To use this impulse we simply:
gauss_time_response = frequency_to_time(freq_response; t_vec = t_vec, impulse = gauss_impulse);
p1 = plot(time_response);
p2 = plot(gauss_time_response);
plot(p1, p2)
There are still some lobes present because again freq_response
only calculates ω<=1.0
, but this time the drop is much less pronounced, which we can demonstrate with a plot of $\hat \phi(\mathbf 0, \omega)$:
φs = field(freq_response)[:] .* gauss_impulse.in_freq.(ωs);
plot(ωs, real.(φs), title="Frequency response φ")
Discrete impulse
The only impulse the package provides is the Gaussian, both its discrete DiscreteGaussianImpulse
and analytic form GaussianImpulse
. But all this is not necessary to use your own defined impulse function. You only need to define an impulse sampled in frequency. For example suppose we want a triangle impulse in frequency:
# we need only define for ω > 0.0
triangle_freq(ω) = 5 - 5*ω;
# we only need the sampled frequency response.
in_freq = triangle_freq.(ωs);
# as we have specified in_freq we do not need to specify in_time.
in_time = 0.0*t_vec;
discrete_impulse = DiscreteImpulse(t_vec, in_time, ωs, in_freq);
time_response = frequency_to_time(freq_response; t_vec = t_vec, discrete_impulse = discrete_impulse);
plot(time_response)
Alternatively, we can attempt to produce a triangle wave in the time domain, for which there is a convenient constructor:
triangle_time(t) = (abs(t/15) < 1) ? 1 - abs(t/15) : 0.0;
in_time = triangle_time.(t_vec);
# the function DiscreteImpulse below will calculate in_freq
discrete_impulse = DiscreteImpulse(t_vec, in_time, ωs);
time_response = frequency_to_time(freq_response; t_vec = t_vec, discrete_impulse = discrete_impulse);
plot!(time_response)
Lens example
As an example, we will make a reflective lens out of particles. To achieve this we will place the particles into a region with the shape TimeOfFlightPlaneWaveToPoint
.
First we choose the properties of the lens:
p_radius = 0.1;
volfrac = 0.3;
x = [-10.0; 0.0];
outertime = 34.8;
innertime = 34.0;
# Generate particles which are at most outertime away from our listener
outershape = TimeOfFlightPlaneWaveToPoint(x, outertime)
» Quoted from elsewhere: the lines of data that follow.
(* Let $\kappa$ be a fixed grounding calculus and let $\delta$ be a grounding derivation of a formula $A$ in $\kappa$. Let $\Gamma$ be the list of all grounds and $\Delta$ the list of all conditions occurring in a bar of $\delta$. Then the mediate grounding claim $\Gamma[\Delta]\gg A$ is derivable in any calculus that contains the rules of $\kappa$, the rules for the immediate grounding operator $\blacktriangleright$, and the rules for the mediate grounding operator $\gg$.
   Context: A grounding calculus $\kappa$ is a natural-deduction system whose grounding rules have the form: from premisses $A_1,\dots,A_n$ (the ground) and a possibly empty list of premisses $[C_1,\dots,C_m]$ (the conditions) infer $B$; an application expresses that $A_1,\dots,A_n$ form a ground of $B$ under the conditions $C_1,\dots,C_m$. In a derivation, a formula occurrence that is a premiss of a grounding rule application in a condition position is a condition, otherwise a ground. The language contains propositional variables, $\bot,\neg,\wedge,\vee,\to$, and grounding formulae $\Gamma[\Delta]\blacktriangleright A$ and $\Gamma[\Delta]\gg A$ with $\Gamma,\Delta$ finite lists of formulae ($\Delta$ possibly empty, in which case one writes $\Gamma\blacktriangleright A$, $\Gamma\gg A$). Rules for $\blacktriangleright$: Introduction: if an application of a grounding rule of $\kappa$ with premisses $A_1,\dots,A_n,[C_1,\dots,C_m]$ and conclusion $B$ occurs (with arbitrary derivations of its premisses), one may infer $A_1,\dots,A_n[C_1,\dots,C_m]\blacktriangleright B$ immediately below it. Eliminations: from $\Gamma[\Delta]\blacktriangleright B$ infer $B$, any element of $\Gamma$, any element of $\Delta$; and from $A_1,\dots,A_n[C_1,\dots,C_m]\blacktriangleright B$ infer $\bot$ whenever there is no grounding rule application with premisses $A_1,\dots,A_n,[C_1,\dots,C_m]$ and conclusion $B$. Rules for $\gg$: Introductions: from $\Gamma[\Delta]\blacktriangleright A$ infer $\Gamma[\Delta]\gg A$; from $\Gamma[\Delta]\gg A$ and $\Gamma_1,A,\Gamma_2[\Delta_1]\gg B$ infer $\Gamma_1,\Gamma,\Gamma_2[\Delta,\Delta_1]\gg B$; from $\Gamma[\Delta]\gg A$ and $\Gamma_1[\Delta_1,A,\Delta_2]\gg B$ infer $\Gamma_1[\Delta_1,\Gamma,\Delta,\Delta_2]\gg B$. Eliminations: from $\Gamma[\Delta]\gg B$ infer $B$, any element of $\Gamma$, and any element of $\Delta$. A grounding derivation is a derivation constructed by exclusively applying grounding rules of $\kappa$ to a set of consistent hypotheses and containing at least one rule application. For a derivation $\delta$ (each step having one or more premisses and one conclusion), its derivation-tree $t(\delta)$ is the tree whose nodes correspond one-to-one to the formula occurrences of $\delta$, with the root corresponding to the conclusion and the children of a node corresponding one-to-one to the premisses of the step whose conclusion is that node. A bar of $\delta$ is a set of formula occurrences of $\delta$ not containing the conclusion of $\delta$ and whose corresponding nodes share exactly one element with each path from the root of $t(\delta)$ to one of its leaves. *)

From Stdlib Require Import List Arith Permutation.
Import ListNotations.

Inductive form : Type :=
  | Var : nat -> form
  | Bot : form
  | Neg : form -> form
  | And : form -> form -> form
  | Or  : form -> form -> form
  | Imp : form -> form -> form
  | IG  : list form -> list form -> form -> form   (* Γ[Δ] ▶ A *)
  | MG  : list form -> list form -> form -> form.  (* Γ[Δ] ≫ A *)

(* A grounding calculus kappa is given by its grounding rule applications:
   [kappa As Cs B] holds iff there is an application of a grounding rule of
   kappa with ground premisses As, condition premisses Cs and conclusion B. *)
Definition grounding_calculus := list form -> list form -> form -> Prop.

(* Derivations built from grounding rule applications:
   a leaf is a hypothesis; a node has ground subderivations [gs], condition
   subderivations [cs], and conclusion [B]. *)
Inductive gtree : Type :=
  | Hyp : form -> gtree
  | App : list gtree -> list gtree -> form -> gtree.

Definition concl (t : gtree) : form :=
  match t with Hyp A => A | App _ _ B => B end.

Inductive kappa_steps (kappa : grounding_calculus) : gtree -> Prop :=
  | ks_hyp : forall A, kappa_steps kappa (Hyp A)
  | ks_app : forall gs cs B,
      kappa (map concl gs) (map concl cs) B ->
      (forall t, In t gs -> kappa_steps kappa t) ->
      (forall t, In t cs -> kappa_steps kappa t) ->
      kappa_steps kappa (App gs cs B).

Fixpoint hyps (t : gtree) : list form :=
  match t with
  | Hyp A => [A]
  | App gs cs _ => flat_map hyps gs ++ flat_map hyps cs
  end.

(* Consistency of a set of hypotheses: classical satisfiability, where the
   grounding formulae are treated as (independent) atoms. *)
Fixpoint eval (v : nat -> bool) (w : form -> bool) (f : form) : bool :=
  match f with
  | Var n => v n
  | Bot => false
  | Neg a => negb (eval v w a)
  | And a b => eval v w a && eval v w b
  | Or a b => eval v w a || eval v w b
  | Imp a b => implb (eval v w a) (eval v w b)
  | IG _ _ _ => w f
  | MG _ _ _ => w f
  end.
(* Let $1\le k\le N-1$ satisfy $\phi^{k-1}-\phi^k>\phi^k-\phi^{k+1}$, let $F\in\tilde{\mathcal F}^k$, let $\mathcal U$ be an atom of $\mathfrak A_k$, and let $\delta$ be a root of $F$ with $\mathcal U\subseteq\mathcal VT^F_\delta$. Then there exist a set $\mathcal D\subseteq\mathcal VT^F_\delta$ and a forest $G\in\tilde{\mathcal F}^k$ such that the arcs leaving the vertices of $\mathcal N\setminus\mathcal D$ are the same in $G$ and in $F$, $\mathcal U\subseteq\mathcal VT^G_\delta$, and $\mathcal N^{in}_{\mathcal U}(G)=\emptyset$ (no arc of $G$ enters $\mathcal U$).
   Context: $V$ is a digraph with vertex set $\mathcal N$, $|\mathcal N|=N$, real arc weights, having at least one spanning tree. An (entering) forest is a digraph in which every vertex has at most one outgoing arc and there is no directed cycle; its weakly connected components are trees, each with a root (the unique vertex with no outgoing arc). For a root $\delta$ of $F$, $T^F_\delta$ denotes the tree of $F$ containing $\delta$. $\mathcal F^k$ is the set of spanning forests of $V$ with exactly $k$ trees; $\Upsilon^F$ is total arc weight; $\phi^k=\min_{\mathcal F^k}\Upsilon^F$, $\phi^0=\infty$; $\tilde{\mathcal F}^k$ the forests in $\mathcal F^k$ of weight $\phi^k$. $\mathfrak A_k$ is the algebra of subsets of $\mathcal N$ generated by the vertex sets of trees of forests in $\tilde{\mathcal F}^k$; atoms are its minimal nonempty elements. $\mathcal N^{in}_{\mathcal U}(G)$ is the set of tails of arcs of $G$ whose head is in $\mathcal U$ and tail is not. *)

From mathcomp Require Import all_boot all_order all_algebra.
Set Implicit Arguments. Unset Strict Implicit. Unset Printing Implicit Defensive.
Import Order.TTheory GRing.Theory Num.Theory.
Local Open Scope ring_scope.

Section Forests.
Variables (R : realFieldType) (T : finType).
(* The digraph V: vertex set T (N = #|T|), arc relation [arc], weights [w]. *)
Variables (arc : rel T) (w : T -> T -> R).

(* A spanning subgraph in which every vertex has at most one outgoing arc is
   encoded by F : {ffun T -> option T}: F x = Some y iff (x,y) is an arc of F;
   F x = None iff x has no outgoing arc. *)
Definition step (F : {ffun T -> option T}) (o : option T) : option T :=
  obind F o.

(* Acyclic: following outgoing arcs from any vertex terminates (a directed
   cycle would make the walk run forever; otherwise it ends within N steps). *)
Definition acyclic (F : {ffun T -> option T}) : bool :=
  [forall x, iter #|T| (step F) (Some x) == None].

Definition is_spanning_forest (F : {ffun T -> option T}) : bool :=
  [forall x, forall y, (F x == Some y) ==> arc x y] && acyclic F.

Definition forest_roots (F : {ffun T -> option T}) : {set T} := [set x | F x == None].

Definition forests (k : nat) : {set {ffun T -> option T}} :=
  [set F | is_spanning_forest F & #|forest_roots F| == k].

Definition weight (F : {ffun T -> option T}) : R :=
  \sum_(x : T) (if F x is Some y then w x y else 0).

(* min on option R with None = +infinity *)
Definition omin (a b : option R) : option R :=
  match a, b with
  | None, _ => b
  | _, None => a
  | Some x, Some y => Some (Order.min x y)
  end.

(* phi k = min weight of a forest with k trees; None stands for +oo
   (the case F^k empty, in particular phi 0 = +oo). *)
Definition phi (k : nat) : option R :=
  \big[omin/None]_(F in forests k) Some (weight F).

Definition opt_forests (k : nat) : {set {ffun T -> option T}} :=
  [set F in forests k | phi k == Some (weight F)].

(* phi^{k-1} - phi^k > phi^k - phi^{k+1}, with the convention that
   (+oo) - a > b for all finite a, b. *)
Definition gap_cond (k : nat) : Prop :=
  match phi k.-1, phi k, phi k.+1 with
  | None, Some _, Some _ => True
  | Some a, Some b, Some c => b - c < a - b
  | _, _, _ => False
  end.

Definition reach (F : {ffun T -> option T}) (x y : T) : bool :=
  [exists n : 'I_#|T|, iter n (step F) (Some x) == Some y].

Definition VT (F : {ffun T -> option T}) (d : T) : {set T} :=
  [set x | reach F x d].

Definition alg_gens (k : nat) : {set {set T}} :=
  [set A | [exists F in opt_forests k, exists d in forest_roots F, A == VT F d]].

Definition set_algebra_closed (C : {set {set T}}) : bool :=
  [forall A in C, ~: A \in C] && [forall A in C, forall B in C, A :|: B \in C].

Definition gen_algebra (G : {set {set T}}) : {set {set T}} :=
  \bigcap_(C : {set {set T}} | (G \subset C) && set_algebra_closed C) C.

Definition alg (k : nat) : {set {set T}} := gen_algebra (alg_gens k).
outerparticles = random_particles(Acoustic(2; ρ=0.0, c=0.0), Circle(p_radius);
region_shape = outershape,
volume_fraction = volfrac,
seed=2
);
# Filter out particles which are less than innertime away
innershape = TimeOfFlightPlaneWaveToPoint(x, innertime + 4*p_radius); # the + 4*p_radius is to account for double the particle diameter
particles = filter(p -> p⊈innershape, outerparticles);
plot(particles)
Next we simulate an impulse plane-wave starting at $x = -10$:
ωs = LinRange(0.01, 2.0, 100);
plane_wave = plane_source(Acoustic(1.0, 1.0, 2); direction = [1.0, 0.0], position = x);
sim = FrequencySimulation(particles, plane_wave);
freq_response = run(sim, x, ωs);
t_vec = -10.:0.2:81.
time_response = frequency_to_time(freq_response; t_vec=t_vec, impulse = GaussianImpulse(1.5; σ = 1.0));
xticks = [0.0, 20.0, 34.0, 40.0, 60.0, 80.0];
plot(time_response, title="Time response from lens", label="", xticks=xticks)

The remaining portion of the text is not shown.